Take the records below from their first line to the line with "split; first exact: tight_xy_primary g_tight.", and restate those lines word for word.

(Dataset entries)
===============

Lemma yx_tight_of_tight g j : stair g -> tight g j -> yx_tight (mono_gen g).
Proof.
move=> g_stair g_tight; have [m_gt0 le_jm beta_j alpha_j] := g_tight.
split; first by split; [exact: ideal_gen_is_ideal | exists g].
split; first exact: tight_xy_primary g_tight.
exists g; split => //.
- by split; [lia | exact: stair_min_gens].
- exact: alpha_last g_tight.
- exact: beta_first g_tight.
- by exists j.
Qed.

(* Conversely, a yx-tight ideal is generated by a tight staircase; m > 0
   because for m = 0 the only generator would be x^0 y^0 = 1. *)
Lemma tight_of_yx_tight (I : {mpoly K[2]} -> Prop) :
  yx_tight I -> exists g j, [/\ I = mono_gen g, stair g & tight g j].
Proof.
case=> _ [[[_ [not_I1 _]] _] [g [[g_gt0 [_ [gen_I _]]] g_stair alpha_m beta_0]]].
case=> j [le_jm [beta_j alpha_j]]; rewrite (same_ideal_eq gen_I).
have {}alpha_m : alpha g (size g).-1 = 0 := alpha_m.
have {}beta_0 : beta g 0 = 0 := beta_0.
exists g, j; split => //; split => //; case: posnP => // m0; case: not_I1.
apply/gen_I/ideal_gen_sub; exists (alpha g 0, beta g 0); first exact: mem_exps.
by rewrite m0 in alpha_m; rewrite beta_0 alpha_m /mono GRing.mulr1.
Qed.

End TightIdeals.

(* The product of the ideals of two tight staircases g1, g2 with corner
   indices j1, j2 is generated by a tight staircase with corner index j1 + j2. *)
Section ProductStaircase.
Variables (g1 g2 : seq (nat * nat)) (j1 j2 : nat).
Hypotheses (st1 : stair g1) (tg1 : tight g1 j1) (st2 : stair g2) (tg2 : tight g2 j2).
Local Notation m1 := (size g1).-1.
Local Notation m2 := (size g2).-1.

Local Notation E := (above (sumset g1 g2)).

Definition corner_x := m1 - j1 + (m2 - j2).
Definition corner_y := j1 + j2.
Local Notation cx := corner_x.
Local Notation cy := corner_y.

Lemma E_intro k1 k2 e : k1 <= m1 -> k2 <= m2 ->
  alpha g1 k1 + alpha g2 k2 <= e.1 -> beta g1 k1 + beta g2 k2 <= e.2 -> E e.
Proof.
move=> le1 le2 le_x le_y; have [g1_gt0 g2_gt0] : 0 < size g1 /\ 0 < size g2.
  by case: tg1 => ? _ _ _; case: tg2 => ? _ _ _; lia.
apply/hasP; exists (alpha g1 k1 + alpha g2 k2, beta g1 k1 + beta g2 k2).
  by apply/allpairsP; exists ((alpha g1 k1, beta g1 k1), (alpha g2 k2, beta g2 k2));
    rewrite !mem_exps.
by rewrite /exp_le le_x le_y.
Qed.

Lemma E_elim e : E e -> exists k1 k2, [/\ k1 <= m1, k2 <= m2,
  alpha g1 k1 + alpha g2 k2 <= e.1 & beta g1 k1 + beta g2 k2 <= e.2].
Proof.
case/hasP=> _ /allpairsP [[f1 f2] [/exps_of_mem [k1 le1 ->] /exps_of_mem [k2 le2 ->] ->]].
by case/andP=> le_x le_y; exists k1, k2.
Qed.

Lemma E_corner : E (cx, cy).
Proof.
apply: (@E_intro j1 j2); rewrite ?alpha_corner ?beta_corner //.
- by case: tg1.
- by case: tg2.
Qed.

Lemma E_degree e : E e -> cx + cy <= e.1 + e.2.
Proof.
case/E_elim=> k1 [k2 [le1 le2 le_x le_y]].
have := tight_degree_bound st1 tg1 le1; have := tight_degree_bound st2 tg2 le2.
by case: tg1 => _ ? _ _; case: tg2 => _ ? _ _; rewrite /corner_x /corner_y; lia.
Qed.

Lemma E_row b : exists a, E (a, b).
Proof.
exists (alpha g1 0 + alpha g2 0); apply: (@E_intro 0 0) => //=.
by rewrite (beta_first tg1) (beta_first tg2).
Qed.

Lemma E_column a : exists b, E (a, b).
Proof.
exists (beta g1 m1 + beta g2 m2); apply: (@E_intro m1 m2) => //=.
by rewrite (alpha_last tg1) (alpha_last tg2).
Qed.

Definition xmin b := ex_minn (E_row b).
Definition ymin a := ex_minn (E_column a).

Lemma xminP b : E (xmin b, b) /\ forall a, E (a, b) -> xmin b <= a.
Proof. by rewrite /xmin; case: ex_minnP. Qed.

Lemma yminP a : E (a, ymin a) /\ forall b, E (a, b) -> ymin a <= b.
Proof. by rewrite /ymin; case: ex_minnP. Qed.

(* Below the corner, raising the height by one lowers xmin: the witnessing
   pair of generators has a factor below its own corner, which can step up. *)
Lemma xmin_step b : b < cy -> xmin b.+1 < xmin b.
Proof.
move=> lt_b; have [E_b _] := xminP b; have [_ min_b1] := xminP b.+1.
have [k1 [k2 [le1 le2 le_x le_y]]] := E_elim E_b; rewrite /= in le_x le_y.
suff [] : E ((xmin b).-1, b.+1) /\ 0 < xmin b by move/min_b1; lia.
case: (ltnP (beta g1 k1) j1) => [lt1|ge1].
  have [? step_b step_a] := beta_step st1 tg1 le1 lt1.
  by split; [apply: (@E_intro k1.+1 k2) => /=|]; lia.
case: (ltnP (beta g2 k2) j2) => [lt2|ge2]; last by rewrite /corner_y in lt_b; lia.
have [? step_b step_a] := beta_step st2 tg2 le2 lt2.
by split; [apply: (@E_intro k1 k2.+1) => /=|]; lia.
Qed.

===============

§ OUTPUT BELOW
Lemma yx_tight_of_tight g j : stair g -> tight g j -> yx_tight (mono_gen g).
Proof.
move=> g_stair g_tight; have [m_gt0 le_jm beta_j alpha_j] := g_tight.
split; first by split; [exact: ideal_gen_is_ideal | exists g].
split; first exact: tight_xy_primary g_tight.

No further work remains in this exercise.